Variables measured on a dichotomous scale are quite common in social science measurement. For example, knowledge of some topic or ability in some domain can be measured by items scored as correct/incorrect, whereas an attitude or a personality trait can be measured by items scored as agree/disagree or endorse/reject. As a third example, a clinical psychologist can diagnose a patient as having/not having a high anxiety level. In the examples provided, the measurements are not inherently dichotomous but, rather, arise from a dichotomization of a continuum at a given threshold. In the first two examples, the continuum would be of knowledge, degree of agreement, and response strength, respectively. In the third, the continuum would be the level of anxiety.

The tetrachoric correlation (Pearson, 1900) is an old measure of association specifically intended for the type of variables illustrated above. It is first assumed that the two dichotomies whose association is to be assessed are actually obtained by dichotomizing truly continuous variables that are not observed. The tetrachoric correlation is, therefore, an estimate of the product–moment correlation that would have been obtained with the underlying continuous variables if its joint distribution were bivariate normal.

In the social science domain, the computation of tetrachoric correlations is of interest mainly in two types of applications. First, it is of interest “per se” as a measure of association in contingency tables to assess, for example, attitude change or rater reliability (e.g., Fleiss, 1981; Guilford & Fruchter, 1973). Second, it can be used as input for a data reduction analysis. The main application of the second type is in factor analysis (FA). However, viewed as a proximity measure, it can also be used in other techniques, such as multidimensional scaling.

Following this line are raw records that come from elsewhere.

Definition nfun (sigma b : pt -> pt) (y : pt) : R :=
  sum_f_R0 (fun k =>
    sum_f_R0 (fun i => vnorm (dpartv i (k - i) b y) + vnorm (dpartv i (k - i) sigma y)) k) 3.

Definition grad (f : pt -> R) (y : pt) : pt := (d1 f y, d2 f y).

(* With a = delta^(1/2), each matrix to be compared has columns a u and a^3 w,
   and the two matrices of a pair differ by |u - u'| = O(a^2): for the bar matrix
   u' - u = delta d_b sigma(x), for the shifted point the mean value theorem bounds
   sigma(x_hat) - sigma(x).  Their determinants are a^4 det(u, w), and |det(u, w)|
   is at least Lam up to an O(delta) error.  By Cramer's rule the coordinates of the columns of one matrix in the
   basis of the other are O(poly(N) / Lam); the only delicate one,
   det(u', u - u') / (a^2 det(u', w')), is O(1) precisely because |u - u'| = O(a^2). *)
From Pilot Require Import Defs.
From Stdlib Require Import Reals Lra Psatz.
From Coquelicot Require Import Coquelicot.
Open Scope R_scope.

Lemma vnorm_ge0 u : 0 <= vnorm u.
Proof. apply sqrt_pos. Qed.

Lemma vnorm_sqr u : vnorm u * vnorm u = fst u ^ 2 + snd u ^ 2.
Proof. apply sqrt_sqrt; nra. Qed.

Lemma Rabs_le_vnorm_sqr z u : z ^ 2 <= fst u ^ 2 + snd u ^ 2 -> Rabs z <= vnorm u.
Proof.
  intros Hz. rewrite <- sqrt_Rsqr_abs. apply sqrt_le_1_alt.
  unfold Rsqr; lra.
Qed.

Lemma Rabs_fst_le_vnorm u : Rabs (fst u) <= vnorm u.
Proof. apply Rabs_le_vnorm_sqr; nra. Qed.

Lemma Rabs_snd_le_vnorm u : Rabs (snd u) <= vnorm u.
Proof. apply Rabs_le_vnorm_sqr; nra. Qed.

Lemma Rabs_mdet_le u v : Rabs (mdet (u, v)) <= vnorm u * vnorm v.
Proof.
  unfold mdet, vnorm; cbn [fst snd].
  rewrite <- sqrt_Rsqr_abs, <- sqrt_mult_alt by nra. apply sqrt_le_1_alt.
  unfold Rsqr. pose proof (pow2_ge_0 (fst u * fst v + snd u * snd v)). nra.
Qed.

Lemma vnorm_vadd_le u v : vnorm (vadd u v) <= vnorm u + vnorm v.
Proof.
  destruct u as [u1 u2], v as [v1 v2].
  pose proof (vnorm_ge0 (u1, u2)); pose proof (vnorm_ge0 (v1, v2)).
  pose proof (vnorm_sqr (u1, u2)); pose proof (vnorm_sqr (v1, v2)).
  cbn [fst snd] in *.
  assert (CS : u1 * v1 + u2 * v2 <= vnorm (u1, u2) * vnorm (v1, v2)).
  { apply Rsqr_incr_0_var; [| nra]. unfold Rsqr.
    replace (vnorm (u1, u2) * vnorm (v1, v2) * (vnorm (u1, u2) * vnorm (v1, v2)))
      with ((u1 ^ 2 + u2 ^ 2) * (v1 ^ 2 + v2 ^ 2)) by nra.
    pose proof (pow2_ge_0 (u1 * v2 - u2 * v1)). nra. }
  rewrite <- (sqrt_Rsqr (vnorm (u1, u2) + vnorm (v1, v2))) by lra.
  apply sqrt_le_1_alt. unfold Rsqr; cbn [fst snd vadd]. nra.
Qed.

Lemma vnorm_vscal c u : vnorm (vscal c u) = Rabs c * vnorm u.
Proof.
  unfold vnorm, vscal; cbn [fst snd].
  rewrite <- sqrt_Rsqr_abs, <- sqrt_mult_alt by apply Rle_0_sqr.
  f_equal. unfold Rsqr; ring.
Qed.

Lemma vnorm_le_l1 u : vnorm u <= Rabs (fst u) + Rabs (snd u).
Proof.
  pose proof (Rabs_pos (fst u)); pose proof (Rabs_pos (snd u)).
  rewrite <- (sqrt_Rsqr (Rabs (fst u) + Rabs (snd u))) by lra.
  apply sqrt_le_1_alt. rewrite Rsqr_plus, <- !Rsqr_abs. unfold Rsqr; nra.
Qed.

Lemma minv_apply_lincomb (B B' : mat2) xi :
  mdet B <> 0 -> mdet B' <> 0 ->
  minv_apply B' xi =
  vadd (vscal (fst (minv_apply B xi)) (minv_apply B' (fst B)))
       (vscal (snd (minv_apply B xi)) (minv_apply B' (snd B))).
Proof.
  destruct B as [[b1 b2] [c1 c2]], B' as [[p1 p2] [q1 q2]], xi as [x1 x2].
  unfold minv_apply, mdet, vadd, vscal; simpl; intros HB HB'.
  f_equal; field; auto.
Qed.

Lemma mnorm_change_basis (B B' : mat2) xi :
  mdet B <> 0 -> mdet B' <> 0 ->
  mnorm B' xi <=
  (vnorm (minv_apply B' (fst B)) + vnorm (minv_apply B' (snd B))) * mnorm B xi.
Proof.
  intros HB HB'. unfold mnorm. rewrite (minv_apply_lincomb B B') by assumption.
  set (eta := minv_apply B xi).
  eapply Rle_trans; [apply vnorm_vadd_le|]. rewrite !vnorm_vscal.
  pose proof (Rabs_fst_le_vnorm eta); pose proof (Rabs_snd_le_vnorm eta).
  pose proof (vnorm_ge0 (minv_apply B' (fst B))); pose proof (vnorm_ge0 (minv_apply B' (snd B))).
  nra.
Qed.

Lemma min_eig_ge_Rabs_mdet M L : 0 < L -> min_eig_ge M L -> L <= Rabs (mdet M).
Proof.
  intros HL H. destruct M as [[a1 a2] [c1 c2]].
  unfold min_eig_ge, gram, is_eigenvalue_sym, mdet in *; cbn [fst snd] in *.
  set (m11 := a1^2 + c1^2) in *. set (m12 := a1*a2 + c1*c2) in *. set (m22 := a2^2+c2^2) in *.
  set (D := sqrt ((m11 - m22)^2 + 4*m12^2)).
  assert (HD : D * D = (m11 - m22)^2 + 4*m12^2).
  { apply sqrt_sqrt. pose proof (pow2_ge_0 (m11 - m22)); pose proof (pow2_ge_0 m12). lra. }
  assert (HD0 : 0 <= D) by apply sqrt_pos.
  (* The eigenvalues (m11 + m22 -+ D) / 2 are at least L and multiply to det^2. *)
  assert (Hm : L <= (m11 + m22 - D)/2) by (apply H; nra).
  assert (Hp : L <= (m11 + m22 + D)/2) by (apply H; nra).
  assert (Hprod : ((m11 + m22 - D)/2) * ((m11 + m22 + D)/2) = (a1*c2 - c1*a2)^2)
    by (unfold m11, m12, m22 in *; nra).
  destruct (Rcase_abs (a1*c2 - c1*a2));
    [rewrite Rabs_left by lra | rewrite Rabs_right by lra]; nra.
Qed.

Lemma Rabs_mdet_le_mul u v P Q :
  vnorm u <= P -> vnorm v <= Q -> Rabs (mdet (u, v)) <= P * Q.
Proof.
  intros Hu Hv. eapply Rle_trans; [apply Rabs_mdet_le|].
  apply Rmult_le_compat; auto using vnorm_ge0.
Qed.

Possibly, most of the discussion on the uses and properties of the tetrachoric correlation has been within the framework of FA. The theory of FA has been developed by assuming that (1) the observed variables have continuous, multivariate normal distributions and (2) their relations are linear. If so, their associations are fully summarized by a covariance or a product–moment correlation matrix. If the variables are dichotomous, however, assumption (1) is indeed false and assumption (2) may not be fulfilled, especially if the variables have different splits and are skewed in opposite directions. If this occurs, the product–moment correlation (termed the phi coefficient) is inappropriate, partly because it cannot attain its maximum unit value unless both variables have the same split. As Olsson (1979) pointed out, when variables with widely different splits (some of which are possibly nonlinearly related to the factors) are factor analyzed, two problems can occur: First, the loading estimates can be downwardly biased (attenuated), and second, additional factors with no conceptual interpretation may be needed to obtain an acceptable degree of model–data fit. These additional factors have traditionally been known as difficulty factors, although it would be more correct to refer to them as skew factors or factors of curvilinearity (Greer, Dunlap, & Beatty, 2003; McDonald & Ahlawat, 1974).

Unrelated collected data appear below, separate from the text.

(* Let $K\subseteq\mathbb{R}^m$ be closed, $f:\mathbb{R}^n\to\mathbb{R}$, $G:\mathbb{R}^n\to\mathbb{R}^m$, $\Psi=\{x\in\mathbb{R}^n:G(x)\in K\}$ and let $x^*\in\Psi$. Suppose that $f$ is second-order epi-regular at $x^*$ and $G$ is second-order gph-regular at $x^*$. Suppose that MSCQ for $\Psi$ holds at $x^*$ and that $K$ is outer second-order regular at $G(x^* )$ in every direction $G'(x^*;d)\in\mathcal{T}_K(G(x^* ))$. Assume that for every direction $d$ with $G'(x^*;d)\in\mathcal{T}_K(G(x^* ))$ we have $f'(x^*;d)\ge0$, and that for every $d\in\mathcal{C}(x^* )\setminus\{0\}$ the optimization problem $$\min_w\ f''(x^*;d,w)\quad\text{s.t. } G''(x^*;d,w)\in\mathcal{T}^2_K(G(x^* );G'(x^*;d))$$ has a positive optimal objective value, where $\mathcal{C}(x^* ):=\{d\in\mathbb{R}^n: G'(x^*;d)\in\mathcal{T}_K(G(x^* )),\ f'(x^*;d)\le0\}$. Then the second-order growth condition holds at $x^*$ for the problem $\min f(x)$ s.t. $G(x)\in K$, i.e., there exist $c>0$ and a neighborhood $N$ of $x^*$ with $f(x)\ge f(x^* )+c\|x-x^*\|^2$ for all $x\in\Psi\cap N$.
   Context: Definitions. For $g:\mathbb{R}^n\to\mathbb{R}^k$: $g'(x;d)=\lim_{t\downarrow0}(g(x+td)-g(x))/t$; $g$ is second-order directionally differentiable at $x$ if for every $d$, $g'(x;d)$ exists and $g''(x;d,w):=\lim_{t\downarrow0}\frac{g(x+td+\frac12t^2w)-g(x)-tg'(x;d)}{\frac12t^2}$ exists for all $w$. $g$ is second-order gph-regular (resp. epi-regular, for $k=1$) at $x^*$ if $g$ is locally Lipschitz continuous and second-order directionally differentiable at $x^*$ and for every $d\in\mathbb{R}^n$ and every path $w:\mathbb{R}_+\to\mathbb{R}^n$ with $tw(t)\to0$ as $t\downarrow0$ there is $r$ with $\|r(t)\|/t^2\to0$ as $t\downarrow0$ such that $g(x^*+td+\frac12t^2w(t))=g(x^* )+tg'(x^*;d)+\frac12t^2g''(x^*;d,w(t))+r(t)$ (resp. ''$\ge$'' instead of ''$=$'') for $t\ge0$. For a set $C$ and $x^*\in C$: tangent cone $\mathcal{T}_C(x^* )=\{d:\exists t_k\downarrow0,d^k\to d, x^*+t_kd^k\in C\}$; for $d\in\mathcal{T}_C(x^* )$, outer second-order tangent set $\mathcal{T}^2_C(x^*;d)=\{w:\exists t_k\downarrow0,w^k\to w, x^*+t_kd+\frac12t_k^2w^k\in C\}$; $C$ is outer second-order regular at $x^*$ in direction $d$ if for every sequence $x^*+t_kd+\frac12t_k^2w^k\in C$ with $t_k\downarrow0$, $t_kw^k\to0$, one has $\mathrm{dist}(w^k,\mathcal{T}^2_C(x^*;d))\to0$. MSCQ for $\Psi$ holds at $x^*$ if there exist a neighborhood $U$ of $x^*$ and $\kappa>0$ with $\mathrm{dist}(x,\Psi)\le\kappa\,\mathrm{dist}(G(x),K)$ for all $x\in U$. The optimal value of a problem is the infimum of its objective over its feasible set. *)

From HB Require Import structures.
From mathcomp Require Import all_boot all_order all_algebra.
From mathcomp Require Import all_classical all_reals all_analysis.
Set Implicit Arguments. Unset Strict Implicit. Unset Printing Implicit Defensive.
Import Order.TTheory GRing.Theory Num.Theory.
Import numFieldNormedType.Exports.
Local Open Scope classical_set_scope.
Local Open Scope ring_scope.

Section Defs.
Context {R : realType}.

Definition dq1 {V W : normedModType R} (g : V -> W) (x d : V) : R -> W :=
  fun t => t^-1 *: (g (x + t *: d) - g x).

Definition has_dir_deriv {V W : normedModType R} (g : V -> W) (x d : V) (l : W) :=
  dq1 g x d t @[t --> 0^'+] --> l.

Definition dir_deriv {V W : normedModType R} (g : V -> W) (x d : V) : W :=
  lim (dq1 g x d t @[t --> 0^'+]).

Definition dq2 {V W : normedModType R} (g : V -> W) (x d w : V) : R -> W :=
  fun t => (2 / t ^+ 2) *:
    (g (x + t *: d + (2^-1 * t ^+ 2) *: w) - g x - t *: dir_deriv g x d).

Definition dir_deriv2 {V W : normedModType R} (g : V -> W) (x d w : V) : W :=
  lim (dq2 g x d w t @[t --> 0^'+]).

Definition sodd {V W : normedModType R} (g : V -> W) (x : V) :=
  forall d, has_dir_deriv g x d (dir_deriv g x d) /\
    forall w, dq2 g x d w t @[t --> 0^'+] --> dir_deriv2 g x d w.

Definition loc_lipschitz_at {V W : normedModType R} (g : V -> W) (x : V) :=
  exists U, nbhs x U /\ exists L : R,
    forall y z, U y -> U z -> `|g y - g z| <= L * `|y - z|.

Definition adm_path {V : normedModType R} (w : R -> V) :=
  t *: w t @[t --> 0^'+] --> (0 : V).

Definition small_o2 {W : normedModType R} (r : R -> W) :=
  (t ^+ 2)^-1 *: r t @[t --> 0^'+] --> (0 : W).

Definition so_gph_regular {V W : normedModType R} (g : V -> W) (x : V) :=
  loc_lipschitz_at g x /\ sodd g x /\
  forall (d : V) (w : R -> V), adm_path w ->
    exists r : R -> W, small_o2 r /\
      forall t, 0 <= t ->
        g (x + t *: d + (2^-1 * t ^+ 2) *: w t) =
        g x + t *: dir_deriv g x d + (2^-1 * t ^+ 2) *: dir_deriv2 g x d (w t) + r t.

Definition so_epi_regular {V : normedModType R} (g : V -> R^o) (x : V) :=
  loc_lipschitz_at g x /\ sodd g x /\
  forall (d : V) (w : R -> V), adm_path w ->
    exists r : R -> R^o, small_o2 r /\
      forall t, 0 <= t ->
        g (x + t *: d + (2^-1 * t ^+ 2) *: w t) >=
        g x + t * dir_deriv g x d + (2^-1 * t ^+ 2) * dir_deriv2 g x d (w t) + r t.

Definition tangent_cone {V : normedModType R} (C : set V) (x : V) : set V :=
  [set d | exists (t : nat -> R) (dk : nat -> V),
     (forall k, 0 < t k) /\ t @ \oo --> 0 /\ dk @ \oo --> d /\
     forall k, C (x + t k *: dk k)].

Definition tangent2 {V : normedModType R} (C : set V) (x d : V) : set V :=
  [set w | exists (t : nat -> R) (wk : nat -> V),
     (forall k, 0 < t k) /\ t @ \oo --> 0 /\ wk @ \oo --> w /\
     forall k, C (x + t k *: d + (2^-1 * t k ^+ 2) *: wk k)].

(* distance to a set, in the extended reals (+oo for the empty set) *)
Definition edist {V : normedModType R} (x : V) (S : set V) : \bar R :=
  ereal_inf [set (`|x - y|)%:E | y in S].

Definition outer_so_regular {V : normedModType R} (C : set V) (x d : V) :=
  forall (t : nat -> R) (wk : nat -> V),
    (forall k, 0 < t k) -> t @ \oo --> 0 ->
    (fun k => t k *: wk k) @ \oo --> (0 : V) ->
    (forall k, C (x + t k *: d + (2^-1 * t k ^+ 2) *: wk k)) ->
    (fun k => edist (wk k) (tangent2 C x d)) @ \oo --> 0%E.

Definition MSCQ {V W : normedModType R} (G : V -> W) (K : set W) (xs : V) :=
  exists U, nbhs xs U /\ exists kappa : R, 0 < kappa /\
    forall x, U x ->
      (edist x [set y | K (G y)] <= kappa%:E * edist (G x) K)%E.

Definition crit_cone {V W : normedModType R} (f : V -> R^o) (G : V -> W)
    (K : set W) (xs : V) : set V :=
  [set d | tangent_cone K (G xs) (dir_deriv G xs d) /\ dir_deriv f xs d <= 0].

Definition so_value {V W : normedModType R} (f : V -> R^o) (G : V -> W)
    (K : set W) (xs d : V) : \bar R :=
  ereal_inf [set (dir_deriv2 f xs d w)%:E | w in
    [set w | tangent2 K (G xs) (dir_deriv G xs d) (dir_deriv2 G xs d w)]].

End Defs.

From Pilot Require Import Defs.
From HB Require Import structures.
From mathcomp Require Import all_boot all_order all_algebra.
From mathcomp Require Import all_classical all_reals all_analysis.
From mathcomp Require Import ring lra.
Import Order.TTheory GRing.Theory Num.Theory.
Import numFieldNormedType.Exports.
Local Open Scope classical_set_scope.
Local Open Scope ring_scope.

(* If second-order growth fails, there are feasible points x_k -> xs with
   f x_k < f xs + |x_k - xs|^2 / (k+1).  Writing x_k = xs + t_k d_k with unit d_k,
   a subsequence d_k converges to some d, and Lipschitz continuity makes d a
   nonzero critical direction.  With w_k = 2 (d_k - d) / t_k one has
   x_k = xs + t_k d + t_k^2/2 w_k and t_k w_k -> 0.  Epi-regularity of f then
   bounds f''(xs; d, w_k) by a null sequence, while gph-regularity of G and outer
   second-order regularity of K put G''(xs; d, w_k) within o(1) of
   T^2_K(G xs; G'(xs; d)).  By MSCQ, each w_k can be moved by
   O(dist(G''(xs; d, w_k), T^2)) to a feasible point of the second-order problem,
   and f'' is Lipschitz in w, so the optimal value in direction d is <= 0,
   contradicting its assumed positivity. *)

Section sequences.
Context {R : realType}.

Lemma cvg_pos_at_right {t : nat -> R} : (forall k, 0 < t k) -> t @ \oo --> 0 ->
  t @ \oo --> 0^'+.
Proof.
move=> t_gt0 t0 A A0.
have : \forall k \near \oo, 0 < t k -> A (t k) := t0 _ A0.
by apply: filterS => k /(_ (t_gt0 k)).
Qed.

Lemma cvg_dist_le {T : Type} {F : set_system T} {FF : Filter F} {V : normedModType R}
    {a : T -> V} {l : V} {b : T -> R} :
  b @ F --> 0 -> (\forall i \near F, `|a i - l| <= b i) -> a @ F --> l.
Proof.
move=> /cvgr0Pnorm_le b0 ab; apply/cvgrPdist_le => e e0.
near=> i; rewrite distrC.
have abi : `|a i - l| <= b i by near: i.
by apply: (le_trans abi); apply: le_trans (ler_norm _) _; near: i; exact: b0.
Unshelve. all: by end_near.
Qed.

Lemma increasing_nat_ge (phi : nat -> nat) : (forall i, (phi i < phi i.+1)%N) ->
  forall i, (i <= phi i)%N.
Proof. by move=> phiS; elim=> // i IH; exact: leq_ltn_trans IH (phiS i). Qed.

Lemma cvg_subseq {X : Type} (u : nat -> X) (F : set_system X) (phi : nat -> nat) :
  (forall i, (phi i < phi i.+1)%N) -> u @ \oo --> F -> (u \o phi) @ \oo --> F.
Proof.
move=> phiS u_F; apply: (cvg_comp _ _ _ u_F) => A [N _ NA]; exists N => // i /= Ni.
exact/NA/(leq_trans Ni)/increasing_nat_ge.
Qed.

(* Strict monotonicity makes [t] injective, so that [wp] is well defined, and
   forces [wp s] for small [s] to be some [w k] with [k] large. *)
Lemma interpolating_adm_path {V : normedModType R} {t : nat -> R} {w : nat -> V} :
  (forall k, 0 < t k) -> (forall k, t k.+1 < t k) ->
  (fun k => t k *: w k) @ \oo --> 0 ->
  exists2 wp : R -> V, adm_path wp & forall k, wp (t k) = w k.
Proof.
move=> t_gt0 tS tw0.
have t_lt : {homo t : i j / (i < j)%N >-> j < i}.
  by apply: homo_ltn => // y x z xy yz; exact: lt_trans yz xy.
have t_inj k k' : t k' = t k -> k' = k.
  by move=> tk; case: (ltngtP k' k) => [/t_lt|/t_lt|//]; rewrite tk ltxx.
pose wp s := if pselect (exists k, t k = s) is left ex then w (projT1 (cid ex)) else 0.
have wpE k : wp (t k) = w k.
  rewrite /wp; case: pselect => [ex|]; last by move=> nex; exfalso; apply: nex; exists k.
  by case: cid => k' /= /t_inj ->.
exists wp => //; apply/cvgrPdist_lt => e e0.
have [N _ Nw] := (cvgrPdist_lt _ _).1 tw0 e e0.
near=> s.
have sN : s < t N by near: s; exact: nbhs_right_lt.
rewrite /wp; case: pselect => [ex|_]; last by rewrite scaler0 subrr normr0.
case: cid => k /= tk; rewrite -tk; apply: Nw => /=; rewrite leqNgt; apply/negP => /t_lt.
by rewrite tk => /(lt_trans sN); rewrite ltxx.
Unshelve. all: by end_near.
Qed.

Lemma cluster_subseq {V : normedModType R} {u : nat -> V} {p : V} :
  cluster (u @ \oo) p ->
  exists2 phi : nat -> nat, (forall i, (phi i < phi i.+1)%N) & (u \o phi) @ \oo --> p.
Proof.
move=> up.
have /choice [idx idxP] (Nj : nat * nat) :
    exists k, (Nj.1 <= k)%N /\ `|p - u k| < Nj.2.+1%:R^-1.
  have [] := up (u @` [set k | (Nj.1 <= k)%N]) (ball p Nj.2.+1%:R^-1).
  - by exists Nj.1 => // k /= Nk; exists k.
  - by apply: nbhsx_ballx; rewrite invr_gt0 ltr0n.
  by move=> _ [[k Nk <-]]; rewrite -ball_normE; exists k.
pose fix phi i := if i is i'.+1 then idx ((phi i').+1, i) else idx (0, 0)%N.
exists phi => [i|]; first by have [] := idxP ((phi i).+1, i.+1).
apply: (cvg_dist_le cvg_harmonic); apply: nearW => i; rewrite distrC; apply: ltW.
by case: i => [|i] /=; [case: (idxP (0, 0)%N) | case: (idxP ((phi i).+1, i.+1))].
Qed.

Lemma bounded_rV_subseq {n : nat} {u : nat -> 'rV[R]_n} {B : R} :
  (forall k, `|u k| <= B) ->
  exists2 phi : nat -> nat, (forall i, (phi i < phi i.+1)%N) &
    exists l : 'rV[R]_n, (u \o phi) @ \oo --> l.
Proof.
move=> uB.
have ball_compact : compact [set v : 'rV[R]_n | `|v| <= B].
  apply: bounded_closed_compact.
    exists B; split; first exact: num_real.
    by move=> M BM v /= vB; apply: le_trans vB (ltW BM).
  apply: (@preimage_closed _ _ (fun v : 'rV[R]_n => `|v|) [set x | x <= B]).
    by move=> v _; exact: norm_continuous.
  exact: closed_le.
have uB_ev : (u @ \oo) [set v | `|v| <= B] by exists 0%N => // k _; exact: uB.
have [p [_ up]] := ball_compact (u @ \oo) _ uB_ev.
by have [phi phiS ?] := cluster_subseq up; exists phi => //; exists p.
Qed.

Lemma edist_lt_exists {V : normedModType R} {x : V} {S : set V} {a : R} :
  (Defs.edist x S < a%:E)%E -> exists2 y, S y & `|x - y| < a.
Proof. by move=> /ereal_inf_lt [_ [y Sy <-]]; rewrite lte_fin; exists y. Qed.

If their underlying assumptions are reasonable, the use of tetrachoric corrrelations as input for FA can substantially alleviate the problem: The factor loadings will be more correct and less biased, and the dimensionality of the data will be more accurately assessed (Knol & Berger, 1991; Parry & McArdle, 1991). In fact, the common FA of the tetrachoric correlation matrix is a simple approach—known as the heuristic solution (Bock & Lieberman, 1970)—for fitting the nonlinear two-parameter normal ogive model. At present, there are more sophisticated procedures for fitting the two-parameter model (e.g., Bock & Aitkin, 1981; Fraser & McDonald, 1988; Muthén, 1993). However, the simple heuristic solution based on tetrachorics is still an acceptable procedure for evaluating the dimensionality and structure of a set of binary items (Knol & Berger, 1991; Parry & McArdle, 1991). Actually, nowadays it is still widely used in applied research; for example, a search in Google Scholar reported 723 documents that used tetrachoric correlation in 2010 and 2011.

While the tetrachoric correlation can be useful for a variety of purposes, it is not free of problems and shortcomings. First, it can be reasonably used only when both variables can be conceived as arising from normally distributed underlying continuous variables. This assumption is not clear in many cases and is totally inappropriate in inherent dichotomies such as gender.

A second shortcoming concerns the reliability of the tetrachoric estimate. As expected, it is generally far less stable than the product–moment estimate obtained from continuous data and becomes more unstable (1) as the variables become more extreme and (2) if the sample is small (McNemar, 1969). Guilford and Fruchter (1973) and McNemar noted that, at the very least, the sample has to be twice the size of the corresponding product–moment for the same accuracy, and they advise using samples of at least 200 or 300 observations.

Factor estimates cannot be stable and accurate if the tetrachoric correlations that serve as the input are not also stable and accurate. In other words, factor-loading estimates computed from tetrachoric correlations could have large standard errors (and standard errors are not computed in a typical exploratory FA program) if the tetrachoric correlations on which they have been based have large standard errors. Muthén (1993) proposed that FA of tetrachorics should be considered as a two-step procedure. So, it is advisable (1) to examine standard errors of tetrachoric correlations (first step analysis) and (2) to estimate factor loadings only if the standard errors in step 1 are low.

Finally, a third shortcoming, which concerns FA applications, is that the tetrachoric correlation matrix is not necessarily positive definite (Gramian). If it is not, it is not computationally appropriate for standard FA methods such as ML and GLS (see Wothke, 1993).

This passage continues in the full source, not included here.